Dr. Colvin cleared her throat, soft, polite, but final. Then she stood, brushing invisible wrinkles from her jacket and smoothing her expression back into its cool, professional mask.
“I think I’ve said enough for now,” she said. “I need to consult my attorney before continuing any further discussion about Ethan.”
Ryker gave a slight nod and reached for the recorder.
“Interview concluded,” he said, citing the exact time and pressing the button to stop the recording.
Dr. Colvin turned toward the door, her heels clicking once on the tile, then she paused, hand on the handle. She didn’t turn fully, just glanced over her shoulder, eyes landing on Ryker with something too pointed to ignore.
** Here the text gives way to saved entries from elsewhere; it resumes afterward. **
Lemma le_sqrt_mul_of_sq_le (d d' g : R) : 0 <= d -> 0 <= d' -> g <= 1 ->
  d' ^ 2 <= (1 - g) * d ^ 2 -> d' <= sqrt (1 - g) * d.
Proof.
  intros hd hd' hg h.
  pose proof (pow2_sqrt (1 - g)) as hs. pose proof (sqrt_pos (1 - g)).
  destruct (Rle_dec d' (sqrt (1 - g) * d)) as [|hn]; [assumption|].
  apply Rnot_le_lt in hn.
  assert (0 <= sqrt (1 - g) * d) by nra.
  assert ((sqrt (1 - g) * d) ^ 2 < d' ^ 2) by nra. nra.
Qed.

Lemma lemma3p7_props_of_gap (X : RHilbert) (T : X -> X) lam N
  (Hlam : 0 <= lam < 1) (HN : nonexpansive N)
  (HT : forall x, T x = vadd (vscal (1 - lam) x) (vscal lam (N x)))
  (C : X -> Prop) (HCne : exists c, C c) (HCsub : forall c, C c -> Fix T c)
  (Hfix : exists z, Fix T z) gamma (Hgamma : 0 <= gamma <= 1) x
  (Hgap : gamma * dist (Fix T) x ^ 2 <= (1 - lam) * norm (vsub x (T x)) ^ 2) :
  lemma3p7_props T C (sqrt (1 - gamma)) ((1 - sqrt (1 - gamma)) ^ 2) gamma x.
Proof.
  pose proof (dist_sq_averaged_decrease X lam N T Hlam HN HT (Fix T) x Hfix (fun s h => h))
    as hFix.
  pose proof (dist_sq_averaged_decrease X lam N T Hlam HN HT C x HCne HCsub) as hC.
  pose proof (dist_lipschitz X (Fix T) x (T x) Hfix) as hlip.
  pose proof (dist_nonneg X (Fix T) x Hfix) as hd.
  pose proof (dist_nonneg X (Fix T) (T x) Hfix) as hd'.
  pose proof (norm_nonneg X (vsub x (T x))) as hq.
  assert (hcontr : dist (Fix T) (T x) <= sqrt (1 - gamma) * dist (Fix T) x).
  { apply le_sqrt_mul_of_sq_le; nra. }
  pose proof (sqrt_pos (1 - gamma)) as ha0.
  assert (ha1 : sqrt (1 - gamma) <= 1).
  { pose proof (pow2_sqrt (1 - gamma)). nra. }
  unfold lemma3p7_props. set (alpha := sqrt (1 - gamma)) in *.
  remember (dist (Fix T) x) as d. remember (dist (Fix T) (T x)) as d'.
  remember (norm (vsub x (T x))) as q.
  split; [exact hcontr|]. split; [|split].
  - assert ((1 - alpha) * d <= d - d') by nra.
    assert (0 <= (1 - alpha) * d) by nra. nra.
  - assert (0 <= d - d') by nra. nra.
  - lra.
Qed.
“One last thing,” the doctor said, voice softer now. “Ethan talked about you, too.”
Ryker straightened.
Dr. Colvin’s eyes sharpened, the edge of a cold memory in them. “Ethan didn’t like the way you looked at Emma. Or the way she looked at you.”
And with that, she opened the door and walked out, leaving behind silence that felt a little too loud.
Ryker stayed still, jaw tight.
Because whatever Ethan had seen between him and Emma, it wasn’t just imagined. And now, it might be one more reason Ethan wanted him gone.
Ryker lingered for a moment on the door where the doctor had just made her exit, and then he turned toward Emma. She hadn’t moved. She was still standing beside the interview table, arms crossed, face unreadable.
He stepped in close, lowering his voice. “You okay?”
She looked up at him then, and whatever he’d expected, grief, maybe, or some quiet unraveling, it wasn’t what he saw. Her eyes were bright with frustration. And something colder, harder.
Determination.
“Ryker,” a voice cut in.
He turned where Jesse stood in the doorway. One look at him and Ryker knew something was wrong.
“Talk to me,” Ryker said.
Jesse didn’t waste time. “We just got another call,” he said. “We have another dead body wearing a mask.”